This repository is dedicated to developing and maintaining code for experiments with wide neural networks.

Overview

Wide-Networks

This repository contains the code of various experiments on wide neural networks. In particular, we implement classes for abc-parameterizations of NNs as defined by (Yang & Hu 2021). Although an equivalent description can be given using only ac-parameterizations, we keep the 3 scales (a, b and c) in the code to allow more flexibility depending on how we want to approach the problem of dealing with infinitely wide NNs.

Structure of the code

The BaseModel class

All the code related to neural networks is in the directory pytorch. The different models we have implemented are in this directory along with the base class found in the file base_model.py which implements the generic attributes and methods all our NNs classes will share.

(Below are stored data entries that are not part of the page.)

(* Let $C$ be a convex cone in a topological real vector space and $f:C\to\mathbb{R}$ a non-negative function that is positively homogeneous of degree $\alpha>0$. If $f$ is strictly sub-convex, then $f$ is continuous on $\mathrm{ri}(C)$. In particular, if $C=V$ is the whole space, $f$ strictly sub-convex implies $f$ continuous.
   Context: Topological real vector spaces are not assumed Hausdorff. A cone is a subset $C$ with $\lambda C\subseteq C$ for all $\lambda>0$. $f$ is positively homogeneous of degree $\alpha$ if $f(\lambda x)=\lambda^{\alpha}f(x)$ for all $x\in C$, $\lambda>0$. $S_r(f)=\{x\in C: f(x)\le r\}$. For a subset $S$, $\mathrm{Aff}(S)$ is its affine hull; $\mathrm{ri}(S)$, $\mathrm{rc}(S)$ are the interior and closure of $S$ in the subspace topology of $\mathrm{Aff}(S)$. $]x,y[=\{(1-t)x+ty: t\in[0,1]\}\setminus\{x,y\}$. A set $C$ is strictly convex if for any two distinct $x,y\in\mathrm{rc}(C)$, $]x,y[\subseteq\mathrm{ri}(C)$. $f$ is strictly sub-convex if $S_r(f)$ is strictly convex for every $r\in\mathbb{R}$. *)

From HB Require Import structures.
From mathcomp Require Import all_boot all_order all_algebra.
From mathcomp Require Import all_classical all_reals all_analysis.
Set Implicit Arguments. Unset Strict Implicit. Unset Printing Implicit Defensive.
Import Order.TTheory GRing.Theory Num.Theory.
Local Open Scope classical_set_scope.
Local Open Scope ring_scope.

Section Defs.
Context {R : realType} {V : topologicalLmodType R}.

Definition convex_set_in (S : set V) : Prop :=
  forall x y (t : R), S x -> S y -> 0 <= t <= 1 -> S ((1 - t) *: x + t *: y).

Definition is_cone (C : set V) : Prop :=
  forall (l : R) x, 0 < l -> C x -> C (l *: x).

Definition affine_set (A : set V) : Prop :=
  forall x y (t : R), A x -> A y -> A ((1 - t) *: x + t *: y).

Definition aff (S : set V) : set V :=
  \bigcap_(A in [set A : set V | affine_set A /\ S `<=` A]) A.

(* relative interior: interior of S in the subspace topology of aff S *)
Definition ri (S : set V) : set V :=
  [set x | S x /\ exists U : set V, [/\ open U, U x & U `&` aff S `<=` S]].

(* relative closure: closure of S in the subspace topology of aff S *)
Definition rc (S : set V) : set V :=
  [set x | aff S x /\
     forall U : set V, open U -> U x -> (U `&` aff S) `&` S !=set0].

Definition open_seg (x y : V) : set V :=
  [set z | exists2 t : R, 0 <= t <= 1 & z = (1 - t) *: x + t *: y]
  `\` [set x; y].

Definition strictly_convex (S : set V) : Prop :=
  forall x y, rc S x -> rc S y -> x <> y -> open_seg x y `<=` ri S.

Definition sublevel (C : set V) (f : V -> R) (r : R) : set V :=
  [set x | C x /\ f x <= r].

Definition strictly_subconvex (C : set V) (f : V -> R) : Prop :=
  forall r : R, strictly_convex (sublevel C f r).

Definition pos_homogeneous (C : set V) (f : V -> R) (alpha : R) : Prop :=
  forall (l : R) x, 0 < l -> C x -> f (l *: x) = l `^ alpha * f x.

End Defs.

From HB Require Import structures.
From mathcomp Require Import all_boot all_order all_algebra.
From mathcomp Require Import all_classical all_reals all_analysis.
From mathcomp Require Import ring lra.
Import Order.TTheory GRing.Theory Num.Theory.
Import numFieldNormedType.Exports.
Local Open Scope classical_set_scope.
Local Open Scope ring_scope.

(* Sublevel sets S_r = {x in C | f x <= r} are homothetic: by homogeneity,
   l *: S_r = S_(l^a r).  Upper semicontinuity on ri C: if f x < r, then x lies
   strictly between two points of S_r on the ray through x (for x = 0, on a line
   through 0 inside C), so x is in ri S_r by strict convexity; since C is
   contained in the affine hull of S_r, a neighbourhood of x in C lies in S_r.
   Lower semicontinuity on C: if x is in the closure of S_r, then x/2 and l x
   (l > 1) lie in the relative closure of S_r' for any r' > r, hence x is in
   ri S_r' and f x <= r'. *)

Section PowRScaling.
Context {R : realType}.
Implicit Types a b c M : R.

Lemma powRVK a b : 0 < a -> 0 <= b -> (b `^ a^-1) `^ a = b.
Proof. by move=> a0 b0; rewrite -powRrM mulVf ?gt_eqF // powRr1. Qed.

Lemma powR_gt1 {a b} : 0 < a -> 1 < b -> 1 < b `^ a.
Proof.
move=> a0 b1; have := gt0_ltr_powR a0 (x := 1) (y := b).
by rewrite powR1 => ->; rewrite ?nnegrE // ltW // (lt_trans ltr01).
Qed.

Lemma powR_le1 {a b} : 0 <= a -> 0 <= b <= 1 -> b `^ a <= 1.
Proof.
move=> a0 /andP[b0 b1]; have := ge0_ler_powR a0 (x := b) (y := 1).
by rewrite powR1 => ->; rewrite ?nnegrE.
Qed.

Lemma exists_powR_mul_le {a M c} : 0 < a -> 0 <= M -> 0 < c ->
  exists2 l, 0 < l & l `^ a * M <= c.
Proof.
move=> a0 M0 c0; exists ((c / (M + c)) `^ a^-1).
  by rewrite powR_gt0 // divr_gt0 ?ltr_wpDl.
rewrite powRVK //; last by rewrite divr_ge0 ?addr_ge0 // ltW.
by rewrite mulrAC ler_pdivrMr ?ltr_wpDl // ler_pM2l // lerDl ltW.
Qed.

Lemma exists_powR_gt1_mul_le {a M c} : 0 < a -> 0 <= M -> M < c ->
  exists2 l, 1 < l & l `^ a * M <= c.
Proof.
move=> a0 M0 Mc; have Mc0 : 0 < M + c by lra.
exists ((2 * c / (M + c)) `^ a^-1).
  by apply: powR_gt1; rewrite ?invr_gt0 // ltr_pdivlMr // mul1r; lra.
rewrite powRVK //; last by rewrite divr_ge0 // ltW //; lra.
by rewrite mulrAC ler_pdivrMr //; nra.
Qed.
End PowRScaling.

Section RelativeInterior.
Context {R : realType} {V : topologicalLmodType R}.
Implicit Types (S : set V) (x y : V) (c d t : R).

Lemma tvs_scaler_continuous c : continuous (fun x : V => c *: x).
Proof.
move=> x; apply: (@continuous_comp _ (R^o * V)%type _ (pair c) (fun z => z.1 *: z.2)).
  exact: (cvg_pair (cvg_cst _) cvg_id).
exact: scale_continuous.
Qed.

Lemma tvs_scalel_continuous x : continuous (fun c : R => c *: x).
Proof.
move=> c; apply: (@continuous_comp _ (R^o * V)%type _ (pair^~ x) (fun z => z.1 *: z.2)).
  exact: (cvg_pair cvg_id (cvg_cst _)).
exact: scale_continuous.
Qed.

Lemma nbhs0_scaleN y {U : set V} : nbhs 0 U -> exists2 s : R, 0 < s & U (- s *: y).
Proof.
move=> U0; have : \forall c \near 0, U (c *: y).
  by apply: tvs_scalel_continuous; rewrite scale0r.
move=> /nbhs_ballP[e /= e0 He]; exists (e / 2); first by rewrite divr_gt0.
by apply: He; rewrite /ball /= sub0r opprK ger0_norm ?divr_ge0 ?ltW //; lra.
Qed.

Lemma scalerIf {x c d} : x != 0 -> c *: x = d *: x -> c = d.
Proof.
move=> x0 /eqP; rewrite -subr_eq0 -scalerBl scaler_eq0 (negPf x0) orbF subr_eq0.
by move/eqP.
Qed.

Lemma comb_subl x y t : (1 - t) *: x + t *: y - x = t *: (y - x).
Proof. by rewrite scalerBl scale1r scalerBr addrAC (addrAC x) subrr add0r addrC. Qed.

Lemma comb_subr x y t : (1 - t) *: x + t *: y - y = (1 - t) *: (x - y).
Proof. by rewrite -comb_subl subKr (addrC (t *: y)). Qed.

Lemma sub_aff {S x} : S x -> aff S x.
Proof. by move=> Sx A [_]; apply. Qed.

Lemma aff_comb {S x y} t : aff S x -> aff S y -> aff S ((1 - t) *: x + t *: y).
Proof. by move=> Sx Sy A /= AS; apply: AS.1; [apply: Sx | apply: Sy]. Qed.

Lemma aff_scale {S x} c d : c != 1 -> aff S x -> aff S (c *: x) -> aff S (d *: x).
Proof.
move=> c1 Sx Scx; have c10 : 1 - c != 0 by rewrite subr_eq0 eq_sym.
have -> : d *: x = (1 - (1 - d) / (1 - c)) *: x + ((1 - d) / (1 - c)) *: (c *: x).
  by rewrite scalerA -scalerDl; congr (_ *: _); field.
exact: aff_comb.
Qed.

Lemma sub_rc {S x} : S x -> rc S x.
Proof.
move=> Sx; split; first exact: sub_aff.
by move=> U _ Ux; exists x; split; first split; [|exact: sub_aff|].
Qed.

Lemma ri_setT : ri [set: V] = [set: V].
Proof. by apply/seteqP; split=> // x _; split=> //; exists setT; split=> //; exact: openT. Qed.

Lemma strictly_convex_ri {S x y t} : strictly_convex S -> rc S x -> rc S y -> x <> y ->
  0 < t < 1 -> ri S ((1 - t) *: x + t *: y).
Proof.
move=> scS Sx Sy xy /andP[t0 t1]; apply: (scS _ _ Sx Sy xy); split.
  by exists t => //; rewrite !ltW.
have xy0 : x - y != 0 by rewrite subr_eq0; apply/eqP.
have zx : (1 - t) *: x + t *: y - x != 0.
  by rewrite comb_subl scaler_eq0 negb_or gt_eqF //= -opprB oppr_eq0.
have zy : (1 - t) *: x + t *: y - y != 0.
  by rewrite comb_subr scaler_eq0 negb_or subr_eq0 eq_sym lt_eqF.
by move=> /= [] E; [move: zx | move: zy]; rewrite E subrr eqxx.
Qed.

Lemma strictly_convex_ri_scale {S x l} : strictly_convex S -> x != 0 -> 1 < l ->
  rc S (2^-1 *: x) -> rc S (l *: x) -> ri S x.
Proof.
move=> scS x0 l1 Shx Slx.
have -> : x = (1 - (2 * l - 1)^-1) *: (2^-1 *: x) + (2 * l - 1)^-1 *: (l *: x).
  rewrite !scalerA -scalerDl -[LHS]scale1r; congr (_ *: _); field; lra.
apply: strictly_convex_ri => //; first by move/(scalerIf x0); lra.
by rewrite invr_gt0 invf_lt1; lra.
Qed.
End RelativeInterior.

Section HomogeneousSublevels.
Context {R : realType} {V : topologicalLmodType R}.
Variables (C : set V) (f : V -> R) (a : R).
Hypotheses (coneC : is_cone C) (f_ge0 : forall x, C x -> 0 <= f x) (a_gt0 : 0 < a)
  (homf : pos_homogeneous C f a).

Lemma pos_homogeneous_f0 : C 0 -> f 0 = 0.
Proof.
move=> C0; have := homf 2 0 (ltr0Sn _ 1) C0; rewrite scaler0 => f0E.
have := powR_gt1 a_gt0 (ltr1n R 2); have := f_ge0 _ C0; nra.
Qed.

Lemma sublevel_scale {r l x} : 0 < l -> l `^ a * f x <= r -> C x ->
  sublevel C f r (l *: x).
Proof. by move=> l0 lr Cx; split; [exact: coneC | rewrite homf]. Qed.

Lemma sublevel_shrink {r l x} : 0 < l <= 1 -> sublevel C f r x -> sublevel C f r (l *: x).
Proof.
move=> /andP[l0 l1] [Cx fx]; apply: sublevel_scale => //; apply: le_trans fx.
by rewrite ler_piMl ?f_ge0 // powR_le1 ?(ltW a_gt0) // (ltW l0) l1.
Qed.

Lemma aff_sublevel {r} : 0 < r -> C `<=` aff (sublevel C f r).
Proof.
move=> r0 x Cx; have [l l0 lx] := exists_powR_mul_le a_gt0 (f_ge0 _ Cx) r0.
have Slx := sublevel_scale l0 lx Cx.
have Shx : sublevel C f r (2^-1 *: (l *: x)).
  by apply: sublevel_shrink => //; apply/andP; split; lra.
have -> : x = l^-1 *: (l *: x) by rewrite scalerA mulVf ?scale1r // gt_eqF.
by apply: (aff_scale 2^-1); [rewrite lt_eqF //; lra | exact: sub_aff ..].
Qed.

Lemma ri_sublevel_le_near {r x} : 0 < r -> ri (sublevel C f r) x ->
  \forall y \near x, C y -> f y <= r.
Proof.
move=> r0 [_ [U [oU Ux USr]]]; apply: filterS (open_nbhs_nbhs (conj oU Ux)) => y Uy Cy.
by case: (USr y (conj Uy (aff_sublevel r0 _ Cy))).
Qed.

Hypothesis scf : strictly_subconvex C f.

Lemma ri_sublevel_neq0 {r x} : C x -> x != 0 -> f x < r -> ri (sublevel C f r) x.
Proof.
move=> Cx x0 fxr; have fx0 := f_ge0 _ Cx.
have [l l1 lx] := exists_powR_gt1_mul_le a_gt0 fx0 fxr.
apply: (strictly_convex_ri_scale (scf r) x0 l1); apply: sub_rc.
  by apply: sublevel_shrink; [apply/andP; split; lra | split=> //; exact: ltW].
by apply: sublevel_scale => //; lra.
Qed.

Lemma ri_sublevel0 {r y} : 0 < r -> ri C 0 -> C y -> y != 0 -> ri (sublevel C f r) 0.
Proof.
move=> r0 [C0 [U [oU U0 UC]]] Cy y0.
have [s s0 Usy] := nbhs0_scaleN y (open_nbhs_nbhs (conj oU U0)).
have Csy : C (- s *: y).
  apply: UC; split=> //.
  by have := aff_comb (- s) (sub_aff C0) (sub_aff Cy); rewrite scaler0 add0r.
have [fsy0 fy0] := (f_ge0 _ Csy, f_ge0 _ Cy).
have [l l0 lM] := exists_powR_mul_le a_gt0 (addr_ge0 fsy0 fy0) r0.
have la0 : 0 <= l `^ a by exact: powR_ge0.
have Sl1 : sublevel C f r (l *: (- s *: y)) by apply: sublevel_scale => //; nra.
have Sl2 : sublevel C f r (l *: y) by apply: sublevel_scale => //; nra.
have -> : (0 : V) = (1 - s / (1 + s)) *: (l *: (- s *: y)) + (s / (1 + s)) *: (l *: y).
  by rewrite !scalerA -scalerDl [X in X *: y](_ : _ = 0) ?scale0r //; field; lra.
apply: strictly_convex_ri (scf r) (sub_rc Sl1) (sub_rc Sl2) _ _.
  by rewrite scalerA => /(scalerIf y0); nra.
by rewrite divr_gt0 ?ltr_pdivrMr /=; lra.
Qed.

Lemma le_near_ri {r x} : ri C x -> f x < r -> \forall y \near x, C y -> f y <= r.
Proof.
move=> rix fxr; have r0 : 0 < r := le_lt_trans (f_ge0 _ rix.1) fxr.
have [x0|x0] := eqVneq x 0; last first.
  exact/(ri_sublevel_le_near r0)/(ri_sublevel_neq0 rix.1 x0 fxr).
subst x; have [[y [Cy y0]]|C0] := pselect (exists y, C y /\ y != 0).
  exact/(ri_sublevel_le_near r0)/(ri_sublevel0 r0 rix Cy y0).
apply: nearW => y Cy; have -> : y = 0 by apply: contrapT => /eqP y0; apply: C0; exists y.
by rewrite pos_homogeneous_f0 ?(ltW r0) //; exact: rix.1.
Qed.

Lemma rc_sublevel_scale {r r' nu x} : 0 < r' -> 0 < nu -> nu `^ a * r <= r' -> C x ->
  closure (sublevel C f r) x -> rc (sublevel C f r') (nu *: x).
Proof.
move=> r'0 nu0 nur Cx clx; split; first exact: aff_sublevel r'0 _ (coneC _ _ nu0 Cx).
move=> U oU Unx.
have : nbhs x ((fun z => nu *: z) @^-1` U).
  by apply: tvs_scaler_continuous; exact: open_nbhs_nbhs.
move=> /clx[y [[Cy fy] Uny]].
have Sny : sublevel C f r' (nu *: y).
  apply: sublevel_scale => //; apply: le_trans nur.
  by rewrite ler_wpM2l // powR_ge0.
by exists (nu *: y); split; first split; [|exact: sub_aff|].
Qed.

Lemma closure_sublevel_le {r x} : 0 < r -> C x -> closure (sublevel C f r) x -> f x <= r.
Proof.
move=> r0 Cx clx; rewrite leNgt; apply/negP => rfx.
have [x0|x0] := eqVneq x 0; first by subst x; rewrite pos_homogeneous_f0 // in rfx; lra.
have [r' rr' r'fx] : exists2 r', r < r' & r' < f x by exists ((r + f x) / 2); lra.
have r'0 : 0 < r' by lra.
have [l l1 lr] := exists_powR_gt1_mul_le a_gt0 (ltW r0) rr'.
have half : 2^-1 `^ a * r <= r'.
  apply: le_trans (ltW rr'); rewrite ler_piMl ?(ltW r0) // powR_le1 ?(ltW a_gt0) //.
  by apply/andP; split; lra.
have h0 : (0 : R) < 2^-1 by lra.
have l0 : 0 < l by lra.
have [[_ fxr'] _] := strictly_convex_ri_scale (scf r') x0 l1
  (rc_sublevel_scale r'0 h0 half Cx clx) (rc_sublevel_scale r'0 l0 lr Cx clx).
lra.
Qed.

Lemma gt_near {r x} : 0 < r -> C x -> r < f x -> \forall y \near x, C y -> r < f y.
Proof.
move=> r0 Cx rfx; apply: contrapT => nnear.
suff /(closure_sublevel_le r0 Cx) : closure (sublevel C f r) x by lra.
move=> B Bx; apply: contrapT => /forallNP AB0; apply: nnear.
apply: filterS Bx => y By Cy; rewrite ltNge; apply/negP => fy.
by apply: (AB0 y).
Qed.

Lemma dist_lt_near_ri {x e} : ri C x -> 0 < e -> \forall y \near x, C y -> `|f x - f y| < e.
Proof.
move=> rix e0; have fx0 := f_ge0 _ rix.1.
have upper := le_near_ri (r := f x + e / 2) rix ltac:(lra).
have lower : \forall y \near x, C y -> f x - e < f y.
  have [fxe|fxe] := ltP 0 (f x - e / 2).
    have := gt_near fxe rix.1 ltac:(lra).
    by apply: filterS => y fy Cy; have := fy Cy; lra.
  by apply: nearW => y Cy; have := f_ge0 _ Cy; lra.
apply: filterS2 upper lower => y fyu fyl Cy.
have := fyu Cy; have := fyl Cy; rewrite ltr_distlC => ? ?; apply/andP; split; lra.
Qed.

End HomogeneousSublevels.

Theorem mainTheorem5 (R : realType) (V : topologicalLmodType R) :
  (forall (C : set V) (f : V -> R) (alpha : R),
      convex_set_in C -> is_cone C ->
      (forall x, C x -> 0 <= f x) ->
      0 < alpha -> pos_homogeneous C f alpha ->
      strictly_subconvex C f ->
      {within ri C, continuous f}) /\
  (forall (f : V -> R) (alpha : R),
      (forall x, 0 <= f x) ->
      0 < alpha -> pos_homogeneous setT f alpha ->
      strictly_subconvex setT f ->
      continuous f).
Proof.
split.
  move=> C f a _ coneC f_ge0 a0 homf scf; apply/subspace_continuousP => x rix.
  apply/cvgrPdist_lt => e e0; rewrite /within.
  have := dist_lt_near_ri _ _ _ coneC f_ge0 a0 homf scf rix e0.
  by apply: filterS => y fy riy; exact: fy riy.1.
move=> f a f_ge0 a0 homf scf x; apply/cvgrPdist_lt => e e0.
have rix : ri [set: V] x by rewrite ri_setT.
have := dist_lt_near_ri _ _ _ (fun _ _ _ _ => I) (fun x _ => f_ge0 x) a0 homf scf rix e0.
by apply: filterS => y; apply.
Qed.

The BaseModel class inherits from the Pytorch Lightning module, and essentially defines the necessary attributes for any NN to work properly, namely the architecture (which is defined in the _build_model() method), the activation function (we consider the same activation function at each layer), the loss function, the optimizer and the initializer for the parameters of the network.

Optionally, the BaseModel class can define attributes for the normalization (e.g. BatchNorm, LayerNorm, etc) and the scheduler, and any of the aforementioned attributes (optional or not) can be customized depending on the needs (see examples for the scheduler of ipllr and the initializer of abc_param).

The ModelConfig class

All the hyper-parameters which define the model (depth, width, activation function name, loss name, optimizer name, etc) have to be passed as argument to _init_() as an object of the class ModelConfig (pytorch/configs/model.py). This class reads from a yaml config file which defines all the necessary objects for a NN (see examples in pytorch/configs). Essentially, the class ModelConfig is here so that one only has to set the yaml config file properly and then the attributes are correctly populated in BaseModel via the class ModelConfig.

abc-parameterizations

The code for abc-parameterizations (Yang & Hu 2021) can be found in pytorch/abc_params. There we define the base class for abc-parameterizations, mainly setting the layer, init and lr scales from the values of a,b,c, as well as defining the initial parameters through Gaussians of appropriate variance depending on the value of b and the activation function.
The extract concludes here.